Lemma sqrt_increment_bound (W Q K m R : R) :
  0 <= W -> 0 <= Q -> 1 <= m -> 0 < R -> W * W * R <= Q * Q -> m <= K * R ->
  W + 2 * Q * sqrt (K * (m - 1)) <= 2 * Q * sqrt (K * m).
Proof.
move=> W_ge0 Q_ge0 m_ge1 R_gt0 WR mKR.
have K_gt0 : 0 < K by nra.
set a := sqrt (K * m); set b := sqrt (K * (m - 1)).
have a2 : a * a = K * m by rewrite sqrt_sqrt; nra.
have b2 : b * b = K * (m - 1) by rewrite sqrt_sqrt; nra.
have a_gt0 : 0 < a by apply: sqrt_lt_R0; nra.
have b_ge0 : 0 <= b := sqrt_pos _.
have Wa : W * a <= K * Q.
  apply: Rsqr_incr_0_var; last by nra.
  have -> : Rsqr (W * a) = W * W * (a * a) by rewrite /Rsqr; ring.
  rewrite /Rsqr a2.
  have h1 : W * W * (K * m) <= W * W * (K * (K * R)) by apply: Rmult_le_compat_l; nra.
  have h2 : K * K * (W * W * R) <= K * K * (Q * Q) by apply: Rmult_le_compat_l; nra.
  nra.
have ab : 2 * a * b <= K * (2 * m - 1).
  apply: Rsqr_incr_0_var; last by nra.
  have -> : Rsqr (2 * a * b) = 4 * (a * a) * (b * b) by rewrite /Rsqr; ring.
  rewrite /Rsqr a2 b2; nra.
apply: (Rmult_le_reg_r a) => //; nra.
Qed.

(* Induction removing a v0 with largest r: then |X| <= K (r v0 + 1), so
   w v0 <= Q sqrt (K / |X|), the increment of 2 Q sqrt (K m) at m = |X|. *)
Lemma sum_weight_sqrt_bound (T : finType) (X : {set T}) (w r : T -> nat) (K Q : nat) :
  {in X, forall v, (w v ^ 2 * (r v).+1 <= Q ^ 2)%N} ->
  (forall s, (0 < s)%N -> (#|[set v in X | (r v < s)%N]| <= K * s)%N) ->
  INR (\sum_(v in X) w v) <= 2 * INR Q * sqrt (INR K * INR #|X|).
Proof.
elim: {X}_.+1 {-2}X (ltnSn #|X|) => // n IHn X ltXn wX rX.
have [->|[x xX]] := set_0Vmem X.
  by rewrite big_set0 cards0 /= Rmult_0_r sqrt_0 Rmult_0_r; apply: Rle_refl.
have [v0 v0X max_v0] := @arg_maxnP T x (fun v => v \in X) r xX.
have cardX : #|X| = #|X :\ v0|.+1 by rewrite (cardsD1 v0 X) v0X.
have X_small : (#|X| <= K * (r v0).+1)%N.
  apply: leq_trans (rX _ (ltn0Sn _)); apply/subset_leq_card/subsetP => v vX.
  by rewrite inE vX ltnS; apply: max_v0.
have IH : INR (\sum_(v in X :\ v0) w v) <= 2 * INR Q * sqrt (INR K * INR #|X :\ v0|).
  apply: IHn; first by rewrite -ltnS -cardX.
    by move=> v /setD1P[_ vX]; apply: wX.
  move=> s s_gt0; apply: leq_trans (rX s s_gt0); apply/subset_leq_card/subsetP => v.
  by rewrite !inE => /andP[/andP[_ ->] ->].
rewrite (big_setD1 v0 v0X) INR_addn.
apply: Rle_trans (Rplus_le_compat_l _ _ _ IH) _.
have -> : INR #|X :\ v0| = INR #|X| - 1 by rewrite cardX S_INR; ring.
apply: (@sqrt_increment_bound _ _ _ _ (INR (r v0).+1)); try apply: pos_INR.
- by rewrite cardX S_INR; have := pos_INR #|X :\ v0|; lra.
- by apply: lt_0_INR; apply/ltP.
- by rewrite -!INR_muln; apply: INR_leq; rewrite !mulnn wX.
- by rewrite -INR_muln; apply: INR_leq.
Qed.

+++

• **Your task**
Quote exactly the line containing "by move=> v /setD1P[_ vX]; apply: wX." and every later line through the end of the listing, and no other lines.

• **Response to this exercise**
    by move=> v /setD1P[_ vX]; apply: wX.
  move=> s s_gt0; apply: leq_trans (rX s s_gt0); apply/subset_leq_card/subsetP => v.
  by rewrite !inE => /andP[/andP[_ ->] ->].
rewrite (big_setD1 v0 v0X) INR_addn.
apply: Rle_trans (Rplus_le_compat_l _ _ _ IH) _.
have -> : INR #|X :\ v0| = INR #|X| - 1 by rewrite cardX S_INR; ring.
apply: (@sqrt_increment_bound _ _ _ _ (INR (r v0).+1)); try apply: pos_INR.
- by rewrite cardX S_INR; have := pos_INR #|X :\ v0|; lra.
- by apply: lt_0_INR; apply/ltP.
- by rewrite -!INR_muln; apply: INR_leq; rewrite !mulnn wX.
- by rewrite -INR_muln; apply: INR_leq.
Qed.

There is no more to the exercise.